The water-tank was destroyed, and the enemy, panic-stricken, was fleeing
here and there, yet further harassed by a heavy fire from the _Dolphin_,
who sent her shells among the fugitives whenever they came in view.
When the day drew near its close, and the weary but triumphant marines
returned to camp, a hundred of the enemy lay out on the hills dead; more
than twice that number must have been wounded, and eighteen were being
brought in as prisoners.
[Illustration: U. S. S. VESUVIUS.]
On this night of June 14th, at the entrance to Santiago Harbour, the
dynamite cruiser _Vesuvius_--that experimental engine of destruction--was
given a test in actual warfare, and the result is thus graphically
pictured by a correspondent of the New York _Herald_:
"Three shells, each containing two hundred pounds of guncotton, were fired
last night from the dynamite guns of the _Vesuvius_ at the hill at the
western entrance to Santiago Harbour, on which there is a fort.

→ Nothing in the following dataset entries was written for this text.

Lemma smooth_over_sub s t m :
  {subset s <= t} -> smooth_over s m -> smooth_over t m.
Proof.
move=> st /andP[m_gt0 /allP s_m]; rewrite /smooth_over m_gt0.
by apply/allP => q /s_m /st.
Qed.

Lemma smooth_over_primes n : (0 < n)%N -> smooth_over (primes n) n.
Proof. by move=> n_gt0; rewrite /smooth_over n_gt0; apply/allP. Qed.

Lemma smooth_over_pfactor p s b : prime p -> smooth_over (p :: s) (p ^ b).
Proof.
move=> p_pr; rewrite /smooth_over expn_gt0 prime_gt0 //.
by case: b => [|b] //; rewrite primesX // primes_prime //= inE eqxx.
Qed.

Lemma logn_smooth_over_notin p s m :
  p \notin s -> smooth_over s m -> logn p m = 0%N.
Proof.
move=> p_s /andP[_ /allP s_m]; apply/eqP; rewrite eqn0Ngt logn_gt0.
by apply: contra p_s => /s_m.
Qed.

Lemma smooth_over_cons_bij p s : prime p -> p \notin s ->
  set_bij ([set: nat] `*`` fun=> [set m | smooth_over s m])
          [set m | smooth_over (p :: s) m] (fun bm => p ^ bm.1 * bm.2)%N.
Proof.
move=> p_pr p_s; split.
- move=> [b m] [_ /= s_m]; rewrite /= smooth_overM smooth_over_pfactor //=.
  by apply: smooth_over_sub s_m => q; rewrite inE orbC => ->.
- move=> [b1 m1] [b2 m2]; rewrite !inE => -[_ /= s_m1] [_ /= s_m2] /= eq_pm.
  have [m1_gt0 m2_gt0] : (0 < m1)%N /\ (0 < m2)%N by case/andP: s_m1; case/andP: s_m2.
  have eq_b : b1 = b2.
    have pb_gt0 b : (0 < p ^ b)%N by rewrite expn_gt0 prime_gt0.
    move: (congr1 (logn p) eq_pm); rewrite !lognM // !pfactorK //.
    by rewrite (logn_smooth_over_notin p_s s_m1) (logn_smooth_over_notin p_s s_m2) !addn0.
  rewrite -eq_b in eq_pm *; move/eqP: eq_pm.
  by rewrite eqn_pmul2l ?expn_gt0 ?prime_gt0 // => /eqP ->.
- move=> m /= s_m; have m_gt0 : (0 < m)%N by case/andP: s_m.
  have [m' p_m' def_m] := pfactor_coprime p_pr m_gt0.
  exists (logn p m, m'); last by rewrite /= mulnC -def_m.
  split=> //=; move: s_m; rewrite def_m smooth_overM => /andP[/andP[m'_gt0 /allP s_m'] _].
  rewrite /smooth_over m'_gt0; apply/allP => q q_m'; have := s_m' q q_m'.
  rewrite inE => /orP[/eqP q_p | //]; move: q_m'; rewrite q_p mem_primes.
  by rewrite (prime_coprime _ p_pr) in p_m'; rewrite (negPf p_m') !andbF.
Qed.

Lemma in_range_bij k : (0 < k)%N ->
  set_bij [set m | smooth_over (primes k) m] [set n | in_range k n] (muln k).
Proof.
move=> k_gt0.
have in_range_mul m : in_range k (k * m) = smooth_over (primes k) m.
  rewrite /in_range dvdn_mulr //=.
  have -> : all (dvdn^~ k) (primes (k * m)) =
            all (fun q => q \in primes k) (primes (k * m)).
    apply: eq_in_all => q; rewrite mem_primes => /and3P[q_pr _ _].
    by rewrite /= mem_primes q_pr k_gt0.
  by rewrite -/(smooth_over _ (k * m)) smooth_overM smooth_over_primes.
split.
- by move=> m /=; rewrite in_range_mul.
- by move=> m1 m2 _ _ /eqP; rewrite eqn_pmul2l // => /eqP.
- move=> n /= n_in; have /and3P[_ k_n _] := n_in.
  have def_n : (k * (n %/ k))%N = n by rewrite mulnC divnK.
  by exists (n %/ k)%N; rewrite /= -?in_range_mul def_n.
Qed.

Section LogarithmicSums.
Variable R : realType.
Implicit Types (x y : R) (u : R ^nat).
(* Let $x_2=F(t,x,x_1)$ be a second-order ODE and suppose that for some smooth $H=H(t,x,x_1)$ the system $(S_H)$ admits a nonlocal symmetry $\mathbf{v}=\xi\partial_t+\eta^0\partial_x+\psi^0\partial_w$ (coefficients functions of $(t,x,x_1,w)$) with associated functionally independent functions $z=z(t,x)$, $\zeta=\zeta(t,x,x_1)$, i.e. $\mathbf v(z)=0$, $\mathbf v^{(1)}(\zeta)|_\Delta=0$ and the equation can be written in terms of $\{z,\zeta,\zeta_z\}$ as a first-order ODE. Then: (i) If $\xi\neq0$, the functions $\eta^0/\xi$ and $\widetilde\lambda=\frac{\xi_t+\xi_xx_1+\xi_{x_1}F+\xi_wH}{\xi}$ do not depend on $w$, and the pair $\widetilde{\mathbf X}=\partial_t+\frac{\eta^0}{\xi}\partial_x$, $\widetilde\lambda$ defines a $\lambda$-symmetry of $x_2=F$. (ii) If $\xi=0$, the function $\widetilde\lambda=\frac{\eta^0_t+\eta^0_xx_1+\eta^0_{x_1}F+\eta^0_wH}{\eta^0}$ does not depend on $w$, and the pair $\widetilde{\mathbf X}=\partial_x$, $\widetilde\lambda$ defines a $\lambda$-symmetry of $x_2=F$. In both cases $\{z,\zeta,\zeta_z\}$ is a complete system of invariants of $\widetilde{\mathbf X}^{[\widetilde\lambda,(1)]}$.
   Context: Let $F=F(t,x,x_1)$ be smooth, and for a smooth $H=H(t,x,x_1)$ let $(S_H)$ be the system $x_2=F(t,x,x_1)$, $w_1=H(t,x,x_1)$ in the dependent variables $x,w$; $\Delta$ denotes the submanifold of the jet space defined by $(S_H)$. $\widetilde D_t=\partial_t+x_1\partial_x+x_2\partial_{x_1}+w_1\partial_w+\cdots$ is the total derivative in these variables, and $D_t=\partial_t+x_1\partial_x+x_2\partial_{x_1}+\cdots$. For $\mathbf v=\xi\partial_t+\eta^0\partial_x+\psi^0\partial_w$ with coefficients depending on $(t,x,x_1,w)$, its prolongation $\mathbf v^{(k)}$ adds $\sum_{i=1}^k(\eta^i\partial_{x_i}+\psi^i\partial_{w_i})$ with $\eta^i=\widetilde D_t(\eta^{i-1})-\widetilde D_t(\xi)x_i$, $\psi^i=\widetilde D_t(\psi^{i-1})-\widetilde D_t(\xi)w_i$. $\mathbf v$ is a (generalized) symmetry of $(S_H)$ if $\mathbf v^{(2)}(x_2-F)$ and $\mathbf v^{(2)}(w_1-H)$ vanish on $\Delta$. A nonlocal symmetry of $x_2=F$ associated to $(S_H)$ is such a symmetry with $(\xi_w)^2+(\eta^0_w)^2\neq0$ for which there exist functionally independent $z=z(t,x)$, $\zeta=\zeta(t,x,x_1)$ (with $\zeta_{x_1}\ne0$) such that $\mathbf v(z)=0$, $\mathbf v^{(1)}(\zeta)|_\Delta=0$, and $x_2=F$ can be written in terms of $\{z,\zeta,\zeta_z\}$, $\zeta_z=D_t\zeta/D_tz$, as a first-order ODE. For $\lambda=\lambda(t,x,x_1)$ and $\mathbf X=\rho(t,x)\partial_t+\phi^0(t,x)\partial_x$, $\mathbf{X}^{[\lambda,(k)]}=\rho\partial_t+\phi^0\partial_x+\sum_{i=1}^k\phi^{[\lambda,(i)]}\partial_{x_i}$, $\phi^{[\lambda,(0)]}=\phi^0$, $\phi^{[\lambda,(i)]}=D_t(\phi^{[\lambda,(i-1)]})-D_t(\rho)x_i+\lambda(\phi^{[\lambda,(i-1)]}-\rho x_i)$; $(\mathbf X,\lambda)$ defines a $\lambda$-symmetry of $x_2=F$ if $\mathbf X^{[\lambda,(2)]}$ is tangent to $\{x_2=F\}$. *)

From Stdlib Require Import Reals List ClassicalEpsilon.
Open Scope R_scope.

Definition deriv1 (g : R -> R) (a : R) : R :=
  epsilon (inhabits 0%R) (fun l => derivable_pt_lim g a l).

Definition fun4 := R -> R -> R -> R -> R.
Definition fun3 := R -> R -> R -> R.
Definition fun2 := R -> R -> R.

Definition slice4 (i : nat) (f : fun4) (t x x1 w : R) : R -> R :=
  match i with
  | 0%nat => fun s => f s x x1 w
  | 1%nat => fun s => f t s x1 w
  | 2%nat => fun s => f t x s w
  | _ => fun s => f t x x1 s
  end.
Definition pick4 (i : nat) (t x x1 w : R) : R :=
  match i with 0%nat => t | 1%nat => x | 2%nat => x1 | _ => w end.

Definition pd4 (i : nat) (f : fun4) : fun4 :=
  fun t x x1 w => deriv1 (slice4 i f t x x1 w) (pick4 i t x x1 w).

Fixpoint iter4 (l : list nat) (f : fun4) : fun4 :=
  match l with nil => f | i :: l' => pd4 i (iter4 l' f) end.

Definition cont4 (f : fun4) (t x x1 w : R) : Prop :=
  forall eps, 0 < eps -> exists d, 0 < d /\
    forall t' x' x1' w', Rabs (t' - t) < d -> Rabs (x' - x) < d ->
      Rabs (x1' - x1) < d -> Rabs (w' - w) < d ->
      Rabs (f t' x' x1' w' - f t x x1 w) < eps.

Definition smooth4 (f : fun4) : Prop :=
  forall l : list nat,
    (forall t x x1 w, cont4 (iter4 l f) t x x1 w) /\
    (forall i t x x1 w, (i < 4)%nat ->
       exists d, derivable_pt_lim (slice4 i (iter4 l f) t x x1 w) (pick4 i t x x1 w) d).

Definition lift3 (F : fun3) : fun4 := fun t x x1 _ => F t x x1.
Definition lift2 (g : fun2) : fun4 := fun t x _ _ => g t x.
Definition smooth3 (F : fun3) : Prop := smooth4 (lift3 F).
Definition smooth2 (g : fun2) : Prop := smooth4 (lift2 g).

Definition pt4 := pd4 0.  Definition px4 := pd4 1.
Definition px14 := pd4 2. Definition pw4 := pd4 3.
Definition pt3 (F : fun3) : fun3 := fun t x x1 => deriv1 (fun s => F s x x1) t.
Definition px3 (F : fun3) : fun3 := fun t x x1 => deriv1 (fun s => F t s x1) x.
Definition px13 (F : fun3) : fun3 := fun t x x1 => deriv1 (fun s => F t x s) x1.
Definition pt2 (g : fun2) : fun2 := fun t x => deriv1 (fun s => g s x) t.
Definition px2 (g : fun2) : fun2 := fun t x => deriv1 (fun s => g t s) x.

Definition Dt2 (g : fun2) : fun3 := fun t x x1 => pt2 g t x + x1 * px2 g t x.
Definition Dt3 (f : fun3) : fun4 :=
  fun t x x1 x2 => pt3 f t x x1 + x1 * px3 f t x x1 + x2 * px13 f t x x1.

(* On (the prolongation of) Delta, with coordinates (t,x,x1,w), the total derivative
   \tilde D_t acts on functions of (t,x,x1,w) as
   A f = f_t + x1 f_x + F f_{x1} + H f_w. *)
Definition Atot (F H : fun3) (f : fun4) : fun4 :=
  fun t x x1 w => pt4 f t x x1 w + x1 * px4 f t x x1 w
                 + F t x x1 * px14 f t x x1 w + H t x x1 * pw4 f t x x1 w.

Definition eta1 (F H : fun3) (xi eta0 : fun4) : fun4 :=
  fun t x x1 w => Atot F H eta0 t x x1 w - Atot F H xi t x x1 w * x1.

(* (generalized) symmetry v = xi d_t + eta0 d_x + psi0 d_w of (S_H):
   v^(2)(x2 - F) and v^(2)(w1 - H) vanish on Delta, where on Delta
   eta^2 = \tilde D_t(eta^1) - \tilde D_t(xi) x2  becomes  A(eta^1) - A(xi) F,
   psi^1 = \tilde D_t(psi^0) - \tilde D_t(xi) w1 becomes  A(psi^0) - A(xi) H. *)
Definition gen_symmetry (F H : fun3) (xi eta0 psi0 : fun4) : Prop :=
  (forall t x x1 w,
     (Atot F H (eta1 F H xi eta0) t x x1 w - Atot F H xi t x x1 w * F t x x1)
     - (xi t x x1 w * pt3 F t x x1 + eta0 t x x1 w * px3 F t x x1
        + eta1 F H xi eta0 t x x1 w * px13 F t x x1) = 0)
  /\
  (forall t x x1 w,
     (Atot F H psi0 t x x1 w - Atot F H xi t x x1 w * H t x x1)
     - (xi t x x1 w * pt3 H t x x1 + eta0 t x x1 w * px3 H t x x1
        + eta1 F H xi eta0 t x x1 w * px13 H t x x1) = 0).

Definition zeta_z (z : fun2) (zeta : fun3) : fun4 :=
  fun t x x1 x2 => Dt3 zeta t x x1 x2 / Dt2 z t x x1.

(* z(t,x), zeta(t,x,x1): the 2x3 Jacobian [[z_t, z_x, 0],[zeta_t, zeta_x, zeta_x1]] has rank 2 *)
Definition func_indep2 (z : fun2) (zeta : fun3) (t x x1 : R) : Prop :=
  pt2 z t x * px3 zeta t x x1 - px2 z t x * pt3 zeta t x x1 <> 0
  \/ pt2 z t x * px13 zeta t x x1 <> 0
  \/ px2 z t x * px13 zeta t x x1 <> 0.

Definition det3 (a11 a12 a13 a21 a22 a23 a31 a32 a33 : R) : R :=
  a11 * (a22 * a33 - a23 * a32) - a12 * (a21 * a33 - a23 * a31)
  + a13 * (a21 * a32 - a22 * a31).

(* three functions f,g,h of (t,x,x1,x2): the 3x4 Jacobian has rank 3 at the point *)
Definition func_indep3 (f g h : fun4) (t x x1 x2 : R) : Prop :=
  exists i j k : nat, (i < j)%nat /\ (j < k)%nat /\ (k < 4)%nat /\
    det3 (pd4 i f t x x1 x2) (pd4 j f t x x1 x2) (pd4 k f t x x1 x2)
         (pd4 i g t x x1 x2) (pd4 j g t x x1 x2) (pd4 k g t x x1 x2)
         (pd4 i h t x x1 x2) (pd4 j h t x x1 x2) (pd4 k h t x x1 x2) <> 0.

"The frightful execution done by those three shots will be historic.
"Guns in that fort had not been silenced when the fleet drew off after the
attack that followed the discovery of the presence of the Spanish fleet in
the harbour.
"In the intense darkness of last night the _Vesuvius_ steamed into close
range and let go one of her mysterious missiles.
"There was no flash, no smoke. There was no noise at first. The pneumatic
guns on the little cruiser did their work silently. It was only when they
felt the shock that the men on the other war-ships knew the _Vesuvius_ was
in action.
"A few seconds after the gun was fired there was a frightful convulsion on
the land. On the hill, where the Spanish guns had withstood the missiles
of the ordinary ships of war, tons of rock and soil leaped in air. The
land was smitten as by an earthquake.
"Terrible echoes rolled around through the shaken hills and mountains.
Sampson's ships, far out at sea, trembled with the awful shock. Dust rose
to the clouds and hid the scene of destruction.
"Then came a long silence; next another frightful upheaval, and following
it a third, so quickly that the results of the work of the two mingled in
mid-air.
"Another still, and then two shots from a Spanish battery, that, after the
noise of the dynamite, sounded like the crackle of firecrackers.